Some huge cranes were catching the evening light recently, which drew my roving eye to take a few snaps, zooming in closer until it looked like giant Meccano sets in the sky. The declining evening sunlight also made them cast enormous shadows onto some of the modern buildings at the end of the Union Canal too, which was just begging for some monochrome shots.
Dad and I had a wee trip to the rather splendid Falkirk Wheel at the weekend. Originally the Forth and Clyde and the Union Canals met here, linked by a series of eleven locks descending the slope. As the canals declined in the late 19th and early 20th century, the locks were finally demolished in the 1930s. As the canals were regenerated in the late 90s and early 2000s (both the waterways and the adjacent towpaths turned into walking and cycling networks), the Falkirk Wheel was created to reconnect these coast-to-coast canals once more. An elegant and practical piece of engineering, this rotating boat lift uses about as much energy as it takes to boil a kettle to lift and lower all that structure, water and boats. Beautiful piece of engineering, which I think can stand proudly with those magnificent 19th century engineering icons. I can imagine the ghost of Brunel looking at this and nodding in approval.
The low winter sun was good for light and for shadows:
The massive construction over the former (hideous, glad it is gone!) Saint James Centre, viewed from nearby Calton Hill, creates a sky forest of cranes, two shots taken just half an hour or so apart at dusk then full nightfall:
Here’s an interesting one for those of us who turn into excited ten year olds when we see a classic steam locomotive, an old film documenting the building of an LMS Princess Royal class mainline loco. I’ve seen one of these engines under steam, they’re beautiful, elegant machines, fascinating to see one being built from pieces of molten metal and the hard work and sweat of the skilled workmen:
And here’s the Princess Elizabeth, a Princess Royal class in that lovely LSM maroon livery, under steam at Carlisle:
Since I have a few days off to use up, I took the train up the coast, crossing the mighty Forth Rail Bridge and round the coastal rail route to get off at Burntisland for a wee while. The railway runs right by the beach there, on a raised embankment above the promenade and the beach (quite a bit of this line hugs the Fife coast so you get some good views on your trip). There are tunnels under the line leading from the parkland behind it to the promenade.
Being early afternoon on a weekday in March it was pretty quiet, mostly either parents with very young kids or senior citizens and the odd dog walker – tends to be a bit busier in the warmer weather of spring and summer!

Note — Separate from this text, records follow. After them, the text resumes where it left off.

(* Let a = A(x).  One step of partial fulfillment from a point w
   towards a lands on a point w' that lies "between" w and a in every
   feature, so the cost is additive along it: c(w,w') + c(w',a) = c(w,a).
   Moreover w' stays in Phi(x,a), where IPF stability keeps A deterministic
   with target a.  Hence, by induction on the iteration budget T, for every
   w in Phi(x,a) and every prefix cost c >= 0, the expected value of
   c + (cost of the remaining path from w) is at most c + c(w,a): the
   algorithm's draw is a Dirac mass at a, the partial-fulfillment weights
   sum to 1, and each branch is bounded by the induction hypothesis combined
   with cost additivity. *)

Lemma dist_between (R : realType) (p q r : R) :
  (p <= q <= r) || (r <= q <= p) -> `|p - q| + `|q - r| = `|p - r|.
Proof.
case/orP=> /andP[pq qr].
- by rewrite !ler0_norm; lra.
- by rewrite !ger0_norm; lra.
Qed.

Lemma cost_ge0 (R : realType) (D : nat) (iscat : 'I_D -> bool)
    (F : 'I_D -> R -> R) (w a : Xspace R D) :
  0 <= cost iscat F w a.
Proof. by apply: sumr_ge0 => d _; rewrite /cost_d; case: ifP. Qed.

Lemma seq_cost_ge0 (R : realType) (D : nat) (iscat : 'I_D -> bool)
    (F : 'I_D -> R -> R) (s : seq (Xspace R D)) :
  0 <= seq_cost iscat F s.
Proof.
elim: s => [|y s IH] //=; case: s IH => [|z s] IH //.
by rewrite addr_ge0 // cost_ge0.
Qed.

(* The partial-fulfillment weights are nonnegative and form a probability
   distribution on the subsets of categorical features (binomial expansion
   of the product of (u + (1 - u)) over the categorical features). *)
Lemma phi_w_ge0 (R : realType) (D : nat) (iscat : 'I_D -> bool) (u : R)
    (S : {set 'I_D}) :
  0 <= u <= 1 -> 0 <= phi_w iscat u S.
Proof. by move=> /andP[u0 u1]; rewrite /phi_w mulr_ge0 // exprn_ge0 // subr_ge0. Qed.

Lemma phi_w_sum1 (R : realType) (D : nat) (iscat : 'I_D -> bool) (u : R) :
  \sum_(S in {set 'I_D} | S \subset cat_set iscat) phi_w iscat u S = 1.
Proof.
set C := cat_set iscat.
have := @bigA_distr R 0 1 *%R +%R _ (fun i => if i \in C then u else 0)
                   (fun i => if i \in C then 1 - u else 1).
have -> : \prod_i ((if i \in C then u else 0) + (if i \in C then 1 - u else 1))
          = 1 :> R.
  by apply: big1 => i _; case: ifP => _; rewrite ?add0r // addrC subrK.
move=> ->; rewrite [RHS](bigID (fun S : {set 'I_D} => S \subset C)) /=.
(* subsets that are not inside C contribute a factor 0 *)
rewrite [X in _ = _ + X]big1 ?addr0; last first.
  by move=> S /subsetPn [i iS iC]; rewrite (bigD1 i) //= iS (negbTE iC) mul0r.
apply: eq_bigr => S SC.
rewrite /phi_w (bigID (mem S)) /=.
rewrite (eq_bigr (fun=> u)); last first.
  by move=> i iS; rewrite iS (fintype.subsetP SC i iS).
rewrite prodr_const; congr (_ * _).
rewrite (eq_bigr (fun i => if i \in C then 1 - u else 1)); last first.
  by move=> i /negbTE ->.
rewrite -big_mkcondr /= prodr_const.
have -> : (#|C| - #|S|)%N = #|C :\: S| by rewrite cardsD (finset.setIidPr SC).
by congr (_ ^+ _); apply: eq_card => i; rewrite finset.in_setD.
Qed.

(* A partial fulfillment from w towards a is featurewise between w and a,
   so (with nondecreasing F_d) the cost splits exactly along it. *)
Lemma cost_phi_split (R : realType) (D : nat) (iscat : 'I_D -> bool)
    (F : 'I_D -> R -> R) (eps u : R) (w a : Xspace R D) (S : {set 'I_D}) :
  (forall d, ~~ iscat d -> {homo F d : s t / s <= t}) -> 0 <= u <= 1 ->
  cost iscat F w (phi_pt iscat eps u w a S)
    + cost iscat F (phi_pt iscat eps u w a S) a = cost iscat F w a.
Proof.
move=> Fmon /andP[u0 u1]; rewrite /cost -big_split /=; apply: eq_bigr => d _.
rewrite /cost_d /phi_pt; case cd: (iscat d).
  by case: (d \in S); rewrite eqxx ?addr0 ?add0r.
case: ifP => _; first by rewrite subrr normr0 addr0.
apply: dist_between; have Fm := Fmon d (negbT cd).
have [wa|aw] := leP (w d) (a d).
- have h1 : w d <= (1 - u) * w d + u * a d by nra.
  have h2 : (1 - u) * w d + u * a d <= a d by nra.
  by rewrite (Fm _ _ h1) (Fm _ _ h2).
- have h1 : (1 - u) * w d + u * a d <= w d by nra.
  have h2 : a d <= (1 - u) * w d + u * a d by nra.
  by rewrite (Fm _ _ h1) (Fm _ _ h2) orbT.
Qed.

(* Phi(x,a) contains x and is closed under partial fulfillment towards a;
   this is what lets IPF stability be used at every step of the process. *)
Lemma Phi_refl (R : realType) (D : nat) (iscat : 'I_D -> bool)
    (dom : 'I_D -> set R) (x a : Xspace R D) :
  inX dom x -> Phi iscat dom x a x.
Proof.
move=> xX; split => // d; case: (iscat d); first by left.
by rewrite ge_min le_max !lexx.
Qed.

Lemma Phi_phi_pt (R : realType) (D : nat) (iscat : 'I_D -> bool)
    (dom : 'I_D -> set R) (eps u : R) (x a w : Xspace R D) (S : {set 'I_D}) :
  (forall d, ~~ iscat d -> forall s t r, dom d s -> dom d t -> 0 <= r <= 1 ->
       dom d ((1 - r) * s + r * t)) ->
  inX dom a -> 0 <= u <= 1 -> Phi iscat dom x a w ->
  Phi iscat dom x a (phi_pt iscat eps u w a S).
Proof.
move=> hnum aX hu [wX wP]; split => d; rewrite /phi_pt.
  case cd: (iscat d); first by case: (d \in S); [exact: aX | exact: wX].
  by case: ifP => _; [exact: aX | apply: hnum; rewrite ?cd].
have := wP d; case: (iscat d); first by case: (d \in S) => //; right.
move=> /andP[wlo whi].
have alo : Num.min (x d) (a d) <= a d by rewrite ge_min lexx orbT.
have ahi : a d <= Num.max (x d) (a d) by rewrite le_max lexx orbT.
case: ifP => _; first by rewrite alo ahi.
move: hu => /andP[u0 u1].
set lo := Num.min _ _ in wlo alo *; set hi := Num.max _ _ in whi ahi *.
by apply/andP; split; nra.
Qed.

Import HBNNSimple.

Lemma dirac_integral_le d (T : measurableType d) (R : realType) (a : T)
    (f : T -> \bar R) :
  (forall x, (0 <= f x)%E) -> (\int[\d_a]_(x in setT) f x <= f a)%E.
Proof.
move=> f0; rewrite ge0_integralTE //; apply: ge_ereal_sup => _ [h /= hf <-].
have := integral_nnsfun (\d_a) (@measurableT _ T) h.
rewrite patch_setT => <-.
rewrite integral_dirac //; last first.
  by apply/measurable_EFinP; exact: measurable_funPT.
by rewrite diracT mul1e; exact: hf.
Qed.

(* Under the hypotheses of the theorem every feature domain is measurable
   (finite or an interval), hence so is X itself. *)
Lemma dom_measurable (R : realType) (D : nat) (iscat : 'I_D -> bool)
    (dom : 'I_D -> set R) :
  (forall d, iscat d -> finite_set (dom d)) ->
  (forall d, ~~ iscat d -> forall s t r, dom d s -> dom d t -> 0 <= r <= 1 ->
       dom d ((1 - r) * s + r * t)) ->
  forall d, measurable (dom d).
Proof.
move=> hcat hnum d; case cd: (iscat d).
  apply: countable_measurable; first exact: measurable_set1.
  exact: finite_set_countable (hcat d cd).
apply: is_interval_measurable => s t ds dt z /andP[sz zt].
have [s_eq_t|st] := eqVneq s t.
  by subst t; have -> : z = s by apply/le_anti; rewrite zt sz.
have lst : 0 < t - s by rewrite subr_gt0 lt_neqAle st (le_trans sz zt).
pose r := (z - s) / (t - s).
have -> : z = (1 - r) * s + r * t by rewrite /r; field; rewrite lt0r_neq0.
apply: hnum => //; first by rewrite cd.
apply/andP; split; first by apply: divr_ge0; [rewrite subr_ge0 | exact: ltW].
by rewrite ler_pdivrMr // mul1r lerD2r.
Qed.

Lemma inX_measurable (R : realType) (D : nat) (dom : 'I_D -> set R) :
  (forall d, measurable (dom d)) -> measurable (inX dom : set (Xspace R D)).
Proof.
move=> md.
have -> : inX dom
    = \bigcap_(d in [set: 'I_D]) ((fun x : Xspace R D => x d) @^-1` dom d).
  by apply/seteqP; split => y /= h d; [move=> _; exact: h | exact: h d I].
apply: (@fin_bigcap_measurable _ (Xspace R D)); first exact: finite_finset.
by move=> d _; apply: sub_sigma_algebra; exists d, (dom d); split.
Qed.

Lemma det_target_inX (R : realType) (D : nat) (dom : 'I_D -> set R)
    (A : Xspace R D -> probability (Xspace R D) R) (x a : Xspace R D) :
  measurable (inX dom : set (Xspace R D)) -> A x (inX dom) = 1%E ->
  det_at A x a -> inX dom a.
Proof.
move=> mX AxX /(_ _ mX); rewrite AxX diracE.
case: (boolP (a \in inX dom)) => [/set_mem // | _].
by move/eqP; rewrite eqe oner_eq0.
Qed.

Section Process.
Variables (R : realType) (D : nat) (iscat : 'I_D -> bool) (eps u : R).
Variables (m : Xspace R D -> R) (A : Xspace R D -> probability (Xspace R D) R).
Hypothesis u01 : 0 <= u <= 1.

Local Notation xi := (xi_expect iscat eps u m A).

Lemma xi_expect_ext T y (G1 G2 : seq (Xspace R D) -> \bar R) :
  (forall s, G1 (y :: s) = G2 (y :: s)) -> xi T y G1 = xi T y G2.
Proof.
move=> G12; case: T => [|T] /=; first exact: G12.
have -> : (fun s => G1 (y :: s)) = (fun s => G2 (y :: s)) by apply/funext.
by rewrite G12.
Qed.

Lemma xi_expect_ge0 T y (G : seq (Xspace R D) -> \bar R) :
  (forall s, (0 <= G s)%E) -> (0 <= xi T y G)%E.
Proof.
elim: T y G => [|T IH] y G G0 /=; first exact: G0.
case: ifP => _ //; apply: integral_ge0 => x' _.
apply: sume_ge0 => S _; apply: mule_ge0; first by rewrite lee_fin phi_w_ge0.
exact: IH.
Qed.

Variables (F : 'I_D -> R -> R) (dom : 'I_D -> set R) (x a : Xspace R D).
Hypothesis F_mono : forall d, ~~ iscat d -> {homo F d : s t / s <= t}.
Hypothesis dom_interp : forall d, ~~ iscat d -> forall s t r,
  dom d s -> dom d t -> 0 <= r <= 1 -> dom d ((1 - r) * s + r * t).
Hypothesis a_inX : inX dom a.
Hypothesis stable : forall w, Phi iscat dom x a w -> det_at A w a.

Lemma shifted_cost_ge0 c (s : seq (Xspace R D)) :
  0 <= c -> (0 <= (c + seq_cost iscat F s)%:E)%E.
Proof. by move=> c0; rewrite lee_fin addr_ge0 // seq_cost_ge0. Qed.

Lemma xi_expect_cost_le T w c :
  Phi iscat dom x a w -> 0 <= c ->
  (xi T w (fun s => (c + seq_cost iscat F s)%:E) <= (c + cost iscat F w a)%:E)%E.
Proof.
elim: T w c => [|T IH] w c wP c0.
  by rewrite /= lee_fin addr0 lerDl cost_ge0.
have path_cost_ge0 s : (0 <= (c + seq_cost iscat F (w :: s))%:E)%E.
  exact: shifted_cost_ge0.
rewrite /=.
case: ifP => _; last by rewrite lee_fin addr0 lerDl cost_ge0.
have branch_le S :
    (xi T (phi_pt iscat eps u w a S)
       (fun s => (c + seq_cost iscat F (w :: s))%:E)
     <= (c + cost iscat F w a)%:E)%E.
  rewrite (@xi_expect_ext _ _ _ (fun s =>
      ((c + cost iscat F w (phi_pt iscat eps u w a S)) + seq_cost iscat F s)%:E));
    last by move=> s /=; rewrite addrA.
  apply: le_trans (IH _ _ (Phi_phi_pt eps S dom_interp a_inX u01 wP) _) _.
    by rewrite addr_ge0 // cost_ge0.
  by rewrite lee_fin -addrA (cost_phi_split eps w a S F_mono u01).
rewrite (eq_measure_integral (\d_a)); last by move=> S mS _; exact: stable.
apply: le_trans (dirac_integral_le a _) _.
  move=> x'; apply: sume_ge0 => S _; apply: mule_ge0.
    by rewrite lee_fin phi_w_ge0.
  by apply: xi_expect_ge0 => s; exact: path_cost_ge0.
apply: (@le_trans _ _ (\sum_(S in {set 'I_D} | S \subset cat_set iscat)
          ((phi_w iscat u S * (c + cost iscat F w a))%:E))).
  apply: lee_sum => S _; rewrite [X in (_ <= X)%E]EFinM; apply: lee_pmul => //.
  - by rewrite lee_fin phi_w_ge0.
  - by apply: xi_expect_ge0 => s; exact: path_cost_ge0.
by rewrite sumEFin lee_fin -mulr_suml phi_w_sum1 mul1r.
Qed.
(* Let $\mathcal{L}\in\mathrm{Mat}_d(\mathbb{Z})$ be invertible over $\mathbb{Q}$. Let $G=\mathbb{Z}^d/\mathcal{L}^2\mathbb{Z}^d$ (a finite abelian group), let $H$ be its subgroup $\mathcal{L}\mathbb{Z}^d/\mathcal{L}^2\mathbb{Z}^d$, and note that $\mathcal{L}$ induces a homomorphism $G\to G$, also denoted $\mathcal{L}$. Let $X\subseteq G$ with $0\in X$. Then at least one of the following holds: (1) $X+H$ does not generate $G$; (2) $X+\mathcal{L} X\supsetneq X$; (3) $H\subseteq X$.
   Context: Note $X+\mathcal{L}X\supseteq X$ always holds since $0\in X$. *)

From HB Require Import structures.
From mathcomp Require Import all_boot all_order all_algebra.
Set Implicit Arguments. Unset Strict Implicit. Unset Printing Implicit Defensive.
Import Order.TTheory GRing.Theory Num.Theory.
Local Open Scope ring_scope.

(* Subsets of the
   quotient G = Z^d / L^2 Z^d are represented by their preimages in Z^d,
   i.e. subsets of Z^d invariant under translation by L^2 Z^d. *)

Definition lat (d : nat) (M : 'M[int]_d) (v : 'cV[int]_d) : Prop :=
  exists w : 'cV[int]_d, v = M *m w.

Definition sumset (d : nat) (A B : 'cV[int]_d -> Prop) (v : 'cV[int]_d) : Prop :=
  exists a b, A a /\ B b /\ v = a + b.

Definition matimage (d : nat) (M : 'M[int]_d) (A : 'cV[int]_d -> Prop)
  (v : 'cV[int]_d) : Prop := exists a, A a /\ v = M *m a.

Inductive gen (d : nat) (S : 'cV[int]_d -> Prop) : 'cV[int]_d -> Prop :=
  | gen_in : forall v, S v -> gen S v
  | gen_0 : gen S 0
  | gen_sub : forall u v, gen S u -> gen S v -> gen S (u - v).

(* A is a union of cosets of L^2 Z^d, i.e. the preimage of a subset of G *)
Definition L2periodic (d : nat) (L : 'M[int]_d) (A : 'cV[int]_d -> Prop) : Prop :=
  forall x w, A x -> A (x + (L *m L) *m w).

From HB Require Import structures.
From mathcomp Require Import all_boot all_order all_algebra.
From Stdlib Require Import Classical.
Set Implicit Arguments. Unset Strict Implicit. Unset Printing Implicit Defensive.
Import Order.TTheory GRing.Theory Num.Theory.
Local Open Scope ring_scope.

(* If X + L X = X, the translations u with X + L u = X form a subgroup of Z^d:
   it is closed under addition, and under negation because L u has finite
   order modulo L^2 Z^d (det(L)^2 L u lies in L^2 Z^d).  This subgroup contains
   X and L Z^d, hence X + H; if X + H generates everything, then every
   L w = 0 + L w lies in X. *)

Lemma det_neq0_of_unitmx_rat d (L : 'M[int]_d) :
  map_mx (fun z : int => (z%:~R : rat)) L \in unitmx -> \det L != 0.
Proof.
rewrite unitmxE unitfE det_map_mx.
by apply: contra => /eqP ->.
Qed.

Lemma mulmx_sq_adj (R : comNzRingType) d (L : 'M[R]_d) (u : 'cV[R]_d) :
  (L *m L) *m (\adj L *m (\det L *: u)) = (\det L ^+ 2) *: (L *m u).
Proof.
rewrite -mulmxA (mulmxA L (\adj L)) mul_mx_adj mul_scalar_mx.
by rewrite -!scalemxAr scalerA expr2.
Qed.

Lemma mulrn_in_lat_sq d (L : 'M[int]_d) (u : 'cV[int]_d) : \det L != 0 ->
  exists2 m, (0 < m)%N & lat (L *m L) ((L *m u) *+ m).
Proof.
move=> detL0; exists (absz (\det L ^+ 2)); first by rewrite absz_gt0 expf_neq0.
exists (\adj L *m (\det L *: u)).
rewrite mulmx_sq_adj; set z := \det L ^+ 2; have z_ge0 : 0 <= z := sqr_ge0 _.
by rewrite -[z in z *: _]intz scaler_int -{2}(gez0_abs z_ge0).
Qed.

Section ShiftStable.

Variables (d : nat) (L : 'M[int]_d) (X : 'cV[int]_d -> Prop).

Definition shift_stable (u : 'cV[int]_d) : Prop :=
  forall x, X x -> X (x + L *m u).

Lemma shift_stable0 : shift_stable 0.
Proof. by move=> x Xx; rewrite mulmx0 addr0. Qed.

Lemma shift_stableD u v :
  shift_stable u -> shift_stable v -> shift_stable (u + v).
Proof. by move=> su sv x Xx; rewrite mulmxDr addrA; apply/sv/su. Qed.

Lemma shift_stableMn u k :
  shift_stable u -> forall x, X x -> X (x + (L *m u) *+ k).
Proof.
move=> su; elim: k => [|k IHk] x Xx; first by rewrite mulr0n addr0.
by rewrite mulrSr addrA; apply/su/IHk.
Qed.

Hypotheses (X_periodic : L2periodic L X) (detL_neq0 : \det L != 0).

Lemma shift_stable_lat w : shift_stable (L *m w).
Proof. by move=> x Xx; rewrite mulmxA; apply: X_periodic. Qed.

Lemma shift_stableN u : shift_stable u -> shift_stable (- u).
Proof.
move=> su x Xx.
have [m m_gt0 [w Lum]] := mulrn_in_lat_sq u detL_neq0.
have := X_periodic (- w) (shift_stableMn m.-1 su Xx).
rewrite mulmxN -Lum -[in (L *m u) *+ m](prednK m_gt0) mulrSr.
by rewrite opprD addrA addrK mulmxN.
Qed.

Lemma shift_stable_gen S u :
  (forall s, S s -> shift_stable s) -> gen S u -> shift_stable u.
Proof.
move=> sS; elim=> [v /sS //| |v w _ sv _ sw].
  exact: shift_stable0.
exact/shift_stableD/shift_stableN.
Qed.

Lemma shift_stable_sumset_lat :
  (forall a, X a -> shift_stable a) ->
  forall u, sumset X (lat L) u -> shift_stable u.
Proof.
by move=> sX u [a [_ [Xa [[w ->] ->]]]]; apply/shift_stableD/shift_stable_lat/sX.
Qed.

End ShiftStable.

Theorem lemma3p2 (d : nat) (L : 'M[int]_d) (X : 'cV[int]_d -> Prop) :
  map_mx (fun z : int => (z%:~R : rat)) L \in unitmx ->
  L2periodic L X ->
  X 0 ->
  (* (1) X + H does not generate G *)
  (~ (forall v, gen (sumset X (lat L)) v))
  \/ (* (2) X + L X strictly contains X *)
  ((forall v, X v -> sumset X (matimage L X) v) /\
   (exists v, sumset X (matimage L X) v /\ ~ X v))
  \/ (* (3) H is contained in X *)
  (forall v, lat L v -> X v).
Proof.
move=> /det_neq0_of_unitmx_rat detL0 X_periodic X0.
have X_sub : forall v, X v -> sumset X (matimage L X) v.
  move=> v Xv; exists v, 0; rewrite addr0; do !split=> //.
  by exists 0; rewrite mulmx0.
have [strict | closed] := classic (exists v, sumset X (matimage L X) v /\ ~ X v).
  by right; left.
have sX : forall a, X a -> shift_stable L X a.
  move=> a Xa x Xx; apply: NNPP => Xn; apply: closed.
  by exists (x + L *m a); split=> //; exists x, (L *m a); do !split=> //; exists a.
have [genT | ] := classic (forall v, gen (sumset X (lat L)) v); last by left.
right; right => _ [w ->].
have sw := shift_stable_sumset_lat X_periodic sX.
have := shift_stable_gen X_periodic detL0 sw (genT w).
by rewrite -[L *m w]add0r; apply.
Qed.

Standing out (braving some seriously heavy wind, especially in an exposed position!) on a jutting bit of headland that projects out by the bay where the beachfront is I could just barely make out the volcanic bulk of Arthur’s Seat in Edinburgh across the Firth of Forth, but it was too hazy to get a decent shot. Looking up river the haar had settled in too, and the bright light had turned grey (one of those days of sun, overcast, sun, overcast, always changing), and the bridges were barely visible through the mist and haze, although the iconic shape of the Forth Rail Bridge (often just referred to around here as “The Bridge” and everyone knows you mean the rail bridge and not the nearby road bridges) was just apparent, the diamond-shaped cantilever section like the humps of some vast sea serpent rising from the waters. Here you can see it and the 20th century suspension road bridge a bit further behind it, although the new Queensferry Crossing, now almost complete, is hidden by the mist. In the foreground you can just make out Inchcolm and the shape of some of the buildings on this island’s 12th century abbey (which you can visit via a Forth cruise – well worth the trip):
On the ride home I decided to jump off at North Queensferry for a while before heading back across river to Edinburgh, and walked down the steep slope to where the village nestles around the northern base of the Forth Rail Bridge, right by the banks of the Forth.
At this side of the river you can walk right under the end of one of the vast “diamond” shapes of this massively over-engineered cantilever structure, and despite the now bitingly cold wind it was worth the chill to walk down by the lapping waters of the Forth past this iconic piece of engineering that has become a landmark.
This was the view standing right under the northernmost diamond, looking straight across the river through the Meccano Set of girders – you can see the next diamond shape behind it through the forest of red steelwork:
It’s a massive Victorian structure, hugely over-built (a reaction to the earlier failure of the Tay Bridge), and you know it is large, I mean you can see if from parts of Edinburgh for goodness sake, you can see the top parts of the diamond shapes from the main Edinburgh-Glasgow railway line. But there’s nothing quite like going underneath a structure like this to really get a sense of the sheer size and strength of it. It’s like standing under the Eiffel Tower, but turned on its side. Magnificent piece of history and engineering.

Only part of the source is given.